• [Data for processing]

********

(* Let $k$ be a nonperfect field of characteristic $2$, let $a\in k\setminus k^2$, let $G=PGL_2$ and, writing $\bar A$ for the image in $PGL_2$ of $A\in GL_2$, let $u=\overline{\begin{pmatrix}0&a\\1&0\end{pmatrix}}\in G(k)$ and $U=\langle u\rangle$. Then $U$ is $G$-irreducible over $k$ (in particular $G$-completely reducible over $k$), but $U$ is not $G$-completely reducible.
   Context: For a connected reductive $k$-group $G$, a closed subgroup $H$ is $G$-completely reducible over $k$ if whenever $H$ is contained in a $k$-parabolic subgroup $P$ of $G$, $H$ is contained in some $k$-Levi subgroup of $P$; $H$ is $G$-irreducible over $k$ if it lies in no proper $k$-parabolic subgroup. ''$G$-completely reducible'' means $G$-completely reducible over $\bar k$. *)

From HB Require Import structures.
From mathcomp Require Import all_boot all_order all_algebra.
Set Implicit Arguments. Unset Strict Implicit. Unset Printing Implicit Defensive.
Import GRing.Theory.
Local Open Scope ring_scope.

Section PGL2.
Variable F : fieldType.

(* A subgroup of PGL_2(F) is represented by the set of all its lifts to GL_2(F),
   i.e. a predicate on 2x2 matrices (stable under nonzero scalars). *)
Definition subgrp := 'M[F]_2 -> Prop.

Definition GL2 : subgrp := fun A => A \in unitmx.

(* Borel subgroup: the stabiliser of the line spanned by a nonzero row vector v
   (matrices act on row vectors on the right). *)
Definition borel (v : 'rV[F]_2) : subgrp :=
  fun A => A \in unitmx /\ stablemx v A.

Definition torus (v w : 'rV[F]_2) : subgrp :=
  fun A => A \in unitmx /\ stablemx v A /\ stablemx w A.

(* F-parabolic subgroups of PGL_2: G itself, and the Borel subgroups defined
   over F, i.e. stabilisers of F-rational points of P^1. *)
Definition parabolic (P : subgrp) : Prop :=
  (forall A, P A <-> GL2 A) \/
  exists v : 'rV[F]_2, v != 0 /\ forall A, P A <-> borel v A.

Definition levi (P L : subgrp) : Prop :=
  ((forall A, P A <-> GL2 A) /\ (forall A, L A <-> GL2 A)) \/
  exists v w : 'rV[F]_2, \rank (col_mx v w) = 2%N /\
    (forall A, P A <-> borel v A) /\ (forall A, L A <-> torus v w A).

Definition proper_sub (P : subgrp) : Prop := ~ (forall A, P A <-> GL2 A).

Definition contained (H P : subgrp) : Prop := forall A, H A -> P A.

Definition PGL2_cr (H : subgrp) : Prop :=
  forall P, parabolic P -> contained H P ->
    exists L, levi P L /\ contained H L.

Definition PGL2_irreducible (H : subgrp) : Prop :=
  forall P, parabolic P -> contained H P -> ~ proper_sub P.

Definition cyc_gen (u : 'M[F]_2) : subgrp :=
  fun A => exists (n : nat) (c : F), c != 0 /\ A = c *: u ^+ n.

End PGL2.

Definition u_mat (k : fieldType) (a : k) : 'M[k]_2 :=
  \matrix_(i < 2, j < 2)
    if ((i : nat) == 0%N) && ((j : nat) == 1%N) then a
    else if ((i : nat) == 1%N) && ((j : nat) == 0%N) then 1 else 0.

From Pilot Require Import Defs.
From HB Require Import structures.
From mathcomp Require Import all_boot all_order all_algebra.
Set Implicit Arguments. Unset Strict Implicit. Unset Printing Implicit Defensive.
Import GRing.Theory.
Local Open Scope ring_scope.

(* Proof: a line of k^2 stable under u is an eigenline, and an eigenvalue l of
   u satisfies l^2 = a.  As a is not a square in k, no k-Borel subgroup contains
   U, so the only k-parabolic containing U is G itself.  Over an algebraically
   closed field a = b^2, and in characteristic 2 squaring is injective, so u has
   the single eigenline [1 : b].  U lies in the Borel subgroup stabilising it,
   but in no maximal torus, which would need two independent u-stable lines. *)

Lemma det_mx2 (R : comNzRingType) (A : 'M[R]_2) :
  \det A = A 0 0 * A 1 1 - A 0 1 * A 1 0.
Proof.
rewrite (expand_det_row _ 0) !big_ord_recl big_ord0 /cofactor !det_mx11 !mxE /=.
rewrite expr0 expr1 mul1r mulN1r addr0 mulrN.
by congr (A _ _ * A _ _ - A _ _ * A _ _); apply: val_inj.
Qed.

Lemma mulmx_row2 (R : pzSemiRingType) n (v : 'rV[R]_2) (M : 'M[R]_(2, n)) j :
  (v *m M) 0 j = v 0 0 * M 0 j + v 0 1 * M 1 j.
Proof.
rewrite mxE !big_ord_recl big_ord0 addr0.
by have -> : lift ord0 ord0 = 1 :> 'I_2 by apply: val_inj.
Qed.

Lemma row2P (R : Type) (v w : 'rV[R]_2) : v 0 0 = w 0 0 -> v 0 1 = w 0 1 -> v = w.
Proof.
move=> e0 e1; apply/matrixP => i [[|[|j]] lt_j2]; rewrite ord1.
- by rewrite (_ : Ordinal lt_j2 = 0) //; apply: val_inj.
- by rewrite (_ : Ordinal lt_j2 = 1) //; apply: val_inj.
- by [].
Qed.

Lemma pchar2_sqrf_inj (F : fieldType) :
  2%N \in [pchar F] -> injective (fun x : F => x ^+ 2).
Proof. by move=> F2; exact: fmorph_inj (pFrobenius_aut F2). Qed.

Lemma closed_sqrt (K : closedFieldType) (a : K) : exists b, b ^+ 2 = a.
Proof.
have /closed_rootP [b] : size ('X^2 - a%:P) != 1%N by rewrite size_XnsubC.
by rewrite rootE !hornerE subr_eq0 => /eqP; exists b.
Qed.

Lemma map_u_mat (k K : fieldType) (iota : {rmorphism k -> K}) (a : k) :
  map_mx iota (u_mat a) = u_mat (iota a).
Proof.
by apply/matrixP => i j; rewrite !mxE; case: ifP => _; [|case: ifP => _];
  rewrite ?rmorph0 ?rmorph1.
Qed.

Section UMat.
Variables (F : fieldType) (a : F).

Lemma u_mat_in_cyc_gen : cyc_gen (u_mat a) (u_mat a).
Proof. by exists 1%N, 1; rewrite oner_neq0 scale1r expr1. Qed.

Lemma u_mat_unit : a != 0 -> u_mat a \in unitmx.
Proof.
by move=> a0; rewrite unitmxE det_mx2 !mxE /= mul0r sub0r mulr1 unitfE oppr_eq0.
Qed.

Lemma mulmx_u_mat (v : 'rV[F]_2) :
  (v *m u_mat a) 0 0 = v 0 1 /\ (v *m u_mat a) 0 1 = a * v 0 0.
Proof. by rewrite !mulmx_row2 !mxE /= !mulr0 !mulr1 addr0 add0r mulrC. Qed.

Lemma stablemx_u_mat (v : 'rV[F]_2) : stablemx v (u_mat a) ->
  exists l, v 0 1 = l * v 0 0 /\ a * v 0 0 = l ^+ 2 * v 0 0.
Proof.
move/sub_rVP => [l vu]; have [vu0 vu1] := mulmx_u_mat v.
rewrite vu !mxE in vu0 vu1; exists l; split; first by rewrite -vu0.
by rewrite -vu1 expr2 -mulrA vu0.
Qed.

Lemma stablemx_u_mat_sqr (v : 'rV[F]_2) :
  v != 0 -> stablemx v (u_mat a) -> exists l, l ^+ 2 = a.
Proof.
move=> v_neq0 /stablemx_u_mat [l [v1 v0]]; exists l.
have [v00|] := eqVneq (v 0 0) 0; last by move/mulIf; apply.
by move: v_neq0; rewrite (@row2P _ v 0) ?eqxx // mxE // v1 v00 mulr0.
Qed.

End UMat.

Lemma parabolic_cyc_u_mat_GL2 (F : fieldType) (a : F) (P : subgrp F) :
  ~ (exists b, b ^+ 2 = a) -> parabolic P -> contained (cyc_gen (u_mat a)) P ->
  forall A, P A <-> GL2 A.
Proof.
move=> a_nsq [//|[v [v_neq0 Pv]]] /(_ _ (u_mat_in_cyc_gen a)) /Pv [_ uv].
by case: a_nsq; exact: stablemx_u_mat_sqr uv.
Qed.

Definition point (F : fieldType) (b : F) : 'rV[F]_2 :=
  \row_(j < 2) if (j : nat) == 0%N then 1 else b.

Lemma point_neq0 (F : fieldType) (b : F) : point b != 0.
Proof. by apply/eqP => /matrixP/(_ 0 0); rewrite !mxE; exact/eqP/oner_neq0. Qed.

Lemma point1 (F : fieldType) (b : F) : point b 0 1 = b.
Proof. by rewrite mxE. Qed.

Lemma proper_borel (F : fieldType) (v : 'rV[F]_2) :
  v 0 1 != 0 -> Defs.proper_sub (borel v).
Proof.
pose A : 'M[F]_2 := \matrix_(i, j) if (i == 0) && (j == 1) then 0 else 1.
have A_unit : A \in unitmx.
  by rewrite unitmxE det_mx2 !mxE /= mul1r mul0r subr0 unitr1.
move=> v1_neq0 /(_ A) [_ /(_ A_unit) [_ /sub_rVP [l vA]]].
have := mulmx_row2 v A 0; have := mulmx_row2 v A 1.
rewrite vA !mxE /= mulr0 add0r !mulr1 -{2}[v 0 1]mul1r => /(mulIf v1_neq0) ->.
rewrite mul1r -[X in X = _]addr0 => /addrI v1_eq0.
by rewrite -v1_eq0 eqxx in v1_neq0.
Qed.

Section Char2.
Variables (F : fieldType) (a b : F).
Hypotheses (F2 : 2%N \in [pchar F]) (b_sqrt : b ^+ 2 = a) (b_neq0 : b != 0).

Lemma mulmx_point_u_mat : point b *m u_mat a = b *: point b.
Proof.
have [pu0 pu1] := mulmx_u_mat a (point b).
apply: row2P; [rewrite pu0 | rewrite pu1];
  by rewrite !mxE /= ?mulr1 // -b_sqrt expr2.
Qed.

Lemma cyc_u_mat_sub_borel : contained (cyc_gen (u_mat a)) (borel (point b)).
Proof.
have a_neq0 : a != 0 by rewrite -b_sqrt expf_neq0.
have stable_pow n : stablemx (point b) (u_mat a ^+ n).
  apply/sub_rVP; exists (b ^+ n); elim: n => [|n IHn].
    by rewrite expr0 mulmx1 scale1r.
  rewrite exprSr -mulmxE mulmxA IHn -scalemxAl mulmx_point_u_mat.
  by rewrite scalerA exprSr.
move=> A [n [c [c_neq0 ->]]]; split.
  by rewrite unitmxZ ?unitfE // unitrX // u_mat_unit.
by rewrite -mul_scalar_mx stablemxM ?stablemxC ?stable_pow.
Qed.

Lemma stablemx_u_mat_sub_point (v : 'rV[F]_2) :
  stablemx v (u_mat a) -> (v <= point b)%MS.
Proof.
move=> /stablemx_u_mat [l [v1 v0]].
have -> : v = v 0 0 *: point b.
  apply: row2P; rewrite !mxE /= ?mulr1 // v1.
  have [->|v0_neq0] := eqVneq (v 0 0) 0; first by rewrite mulr0 mul0r.
  rewrite mulrC; congr (_ * _); apply: (pchar2_sqrf_inj F2) => /=.
  by apply: (mulIf v0_neq0); rewrite -v0 b_sqrt.
exact: scalemx_sub.
Qed.

Lemma cyc_u_mat_not_cr : ~ PGL2_cr (cyc_gen (u_mat a)).
Proof.
have parab : parabolic (borel (point b)).
  by right; exists (point b); rewrite point_neq0.
move=> /(_ _ parab cyc_u_mat_sub_borel).
case=> L [[[P_GL2 _]|[v [w [rk_vw [_ L_torus]]]]] cyc_L].
  by apply: (proper_borel (v := point b)); rewrite ?point1.
have /cyc_L /L_torus [_ [v_stable w_stable]] := u_mat_in_cyc_gen a.
have v_pt := stablemx_u_mat_sub_point v_stable.
have w_pt := stablemx_u_mat_sub_point w_stable.
have : (\rank (col_mx v w) <= 1)%N.
  apply: leq_trans (mxrankS _) (rank_leq_row (point b)).
  by rewrite col_mx_sub v_pt w_pt.
by rewrite rk_vw.
Qed.

End Char2.

Theorem mainTheorem9 (k : fieldType) (a : k)
    (hchar : 2%N \in [pchar k])
    (hnonperfect : exists x : k, forall y : k, y ^+ 2 != x)
    (ha : ~ exists b : k, b ^+ 2 = a) :
  PGL2_irreducible (cyc_gen (u_mat a)) /\
  PGL2_cr (cyc_gen (u_mat a)) /\
  (forall (K : closedFieldType) (iota : {rmorphism k -> K}),
      ~ PGL2_cr (cyc_gen (map_mx iota (u_mat a)))).
Proof.
(* hnonperfect is implied by ha and not needed. *)
have P_GL2 := parabolic_cyc_u_mat_GL2 ha.
split; [|split].
- by move=> P parP cycP; apply; exact: P_GL2.
- by move=> P parP cycP; exists P; split=> //; left; split=> //; exact: P_GL2.
move=> K iota; rewrite map_u_mat; have [b b_sqrt] := closed_sqrt (iota a).
apply: (cyc_u_mat_not_cr _ b_sqrt); first by rewrite (fmorph_pchar iota).
apply/eqP => b0; apply: ha; exists 0.
by apply: (fmorph_inj iota); rewrite rmorphXn rmorph0 -b0.
Qed.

********

• [Exercise prompt]
When you reach the line in the material above that holds "move=> /stablemx_u_mat [l [v1 v0]].", begin reproducing lines exactly, and stop after the line that holds "by apply: (proper_borel".

• [Answer space]
move=> /stablemx_u_mat [l [v1 v0]].
have -> : v = v 0 0 *: point b.
  apply: row2P; rewrite !mxE /= ?mulr1 // v1.
  have [->|v0_neq0] := eqVneq (v 0 0) 0; first by rewrite mulr0 mul0r.
  rewrite mulrC; congr (_ * _); apply: (pchar2_sqrf_inj F2) => /=.
  by apply: (mulIf v0_neq0); rewrite -v0 b_sqrt.
exact: scalemx_sub.
Qed.

Lemma cyc_u_mat_not_cr : ~ PGL2_cr (cyc_gen (u_mat a)).
Proof.
have parab : parabolic (borel (point b)).
  by right; exists (point b); rewrite point_neq0.
move=> /(_ _ parab cyc_u_mat_sub_borel).
case=> L [[[P_GL2 _]|[v [w [rk_vw [_ L_torus]]]]] cyc_L].
  by apply: (proper_borel (v := point b)); rewrite ?point1.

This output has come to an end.